The DNBRR is calculated as the number of de novo banks opened during the year divided by the sum of bank mergers and bank failures during that year. It reflects the percentage that new banks replenish those banks lost to mergers or failures.

During Q1 2021, three (3) de novo banks opened. Also, the FDIC approved five (5) applications this quarter; of which two (2) opened.

Slide18.JPG
COMMUNITY BANK CONSOLIDATION RATE = 3.1%

Within the Community Banking group, the Community Bank Consolidation Rate (CBCR) was 3.1% during the L4Q 2021 Q1. For simplicity, Community Banks are defined as banks with total assets less than $10 billion.

The rate of consolidation varied by state. Above average consolidation occurred in New York, Tennessee, and Indiana where the CBCR exceeded 5%. Six states had CBCRs of less than 2%: Nebraska, Kansas, Iowa, Georgia, Louisiana, and Ohio.

Consolidation among the Community Banking group slowed later in 2020 as the impact of the COVID pandemic was felt. As COVID begins to wane, the consolidation within the Community Banking group is expected to pick up; although not at historical rates for a while.

Slide3.JPG
Q1 UPDATE: 2021 OUTLOOK FOR BANKING INDUSTRY CONSOLIDATION
  • Bank Mergers: Slowdown that occurred in last half of 2020 and Q1 2021 will continue into the until later in 2021; as COVID pandemic becomes controlled, bank merger activity will pick up later in 2021. Overall, the Bank Merger Rate will be lower in 2021 than in 2020.

  • Bank Failures: The banking industry is in solid position financially and from a credit quality perspective. However, there are a small number of banks with negative Undivided Profits account and Tangible Equity Ratio less than 4% which could be susceptible to closure by the FDIC. Bank failures should be nominal in 2021 with the Bank Failure Rate comparable to the 2020 rate - 0.1% - and bank failures in the range of five (5) or so.
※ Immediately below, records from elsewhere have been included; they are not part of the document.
(* For the iterates of SONATA with step-size $\alpha\in(0,1]$ under Assumptions (A), (B), (C), (W), and assuming $D_{\max}>0$, for every $\nu\ge0$: $$\alpha\|d^\nu\|^2\ge\frac{\mu}{D_{\max}^2}\Big(p^{\nu+1}-(1-\alpha)p^\nu-\frac\alpha\mu\|\delta^\nu\|^2\Big).$$
   Context: Problem (P): minimize $U=F+G$ over $\mathcal K$, $F=\frac1m\sum_{i=1}^mf_i$. (A): $\mathcal K\subseteq\mathbb R^d$ nonempty closed convex; $f_i$ twice differentiable convex on open $\mathcal O\supseteq\mathcal K$; $\mu I\preceq\nabla^2F\preceq LI$ on $\mathcal K$ ($\mu>0$, $L<\infty$); $G$ convex on $\mathcal K$; $x^\star$ unique minimizer, $U^\star=U(x^\star)$. (B): connected undirected graph on $\{1,\dots,m\}$, edges $\mathcal E$. (W): $w_{ii}>0$; for $i\ne j$, $w_{ij}>0$ iff $(i,j)\in\mathcal E$, else 0; $W$ doubly stochastic. (C): $\tilde f_i:\mathcal O\times\mathcal O\to\mathbb R$ $C^2$, $\nabla\tilde f_i(x;x)=\nabla f_i(x)$, $\nabla\tilde f_i(\cdot;x)$ Lipschitz, $\tilde f_i(\cdot;x)$ strongly convex on $\mathcal K$ for all $x\in\mathcal K$; constants $D_i^\ell\le D_i^u$ with $D_i^\ell I\preceq\nabla^2\tilde f_i(x;y)-\nabla^2F(x)\preceq D_i^uI$ on $\mathcal K\times\mathcal K$; $D_{\max}=\max_i\max\{|D_i^\ell|,|D_i^u|\}$. SONATA: $x_i^0\in\mathcal K$, $y_i^0=\nabla f_i(x_i^0)$; $\hat x_i^\nu=\arg\min_{x_i\in\mathcal K}\tilde f_i(x_i;x_i^\nu)+(y_i^\nu-\nabla f_i(x_i^\nu))^\top(x_i-x_i^\nu)+G(x_i)$; $d_i^\nu=\hat x_i^\nu-x_i^\nu$; $x_i^{\nu+1/2}=x_i^\nu+\alpha d_i^\nu$; $x_i^{\nu+1}=\sum_jw_{ij}x_j^{\nu+1/2}$; $y_i^{\nu+1}=\sum_jw_{ij}(y_j^\nu+\nabla f_j(x_j^{\nu+1})-\nabla f_j(x_j^\nu))$. $d^\nu$ and $\delta^\nu$ stack $d_i^\nu$ and $\delta_i^\nu=\nabla F(x_i^\nu)-y_i^\nu$; $p^\nu=\sum_i(U(x_i^\nu)-U^\star)$. *)

From mathcomp Require Import all_boot all_order all_algebra.
From mathcomp Require Import all_classical all_reals all_analysis.
Import numFieldNormedType.Exports.
Set Implicit Arguments. Unset Strict Implicit. Unset Printing Implicit Defensive.
Import Order.TTheory GRing.Theory Num.Theory.
Local Open Scope ring_scope.
Local Open Scope classical_set_scope.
  • De Novo Banking: There are eight (8) approved de novo banks that are moving through their checklist of FDIC requirements to open, including capital raising. There are another twelve (12) applications pending FDIC review. With three (3) de novo banks opened through March 2021, the number of new banks to be opened in 2021 should be higher than the six (6) that opened in 2020 - perhaps as many as twelve (12). And with fewer bank mergers, the De Novo Bank Replenishment Rate should rise slightly in 2021.

  • Banking Industry Consolidation: Because of lower bank mergers, the overall decline in banking charters is expected to be below the 176 seen in 2020. Expect net loss of banking charters to fall into a range of 125 to 150. The Banking Industry Consolidation Rate is expected to be well below 3%.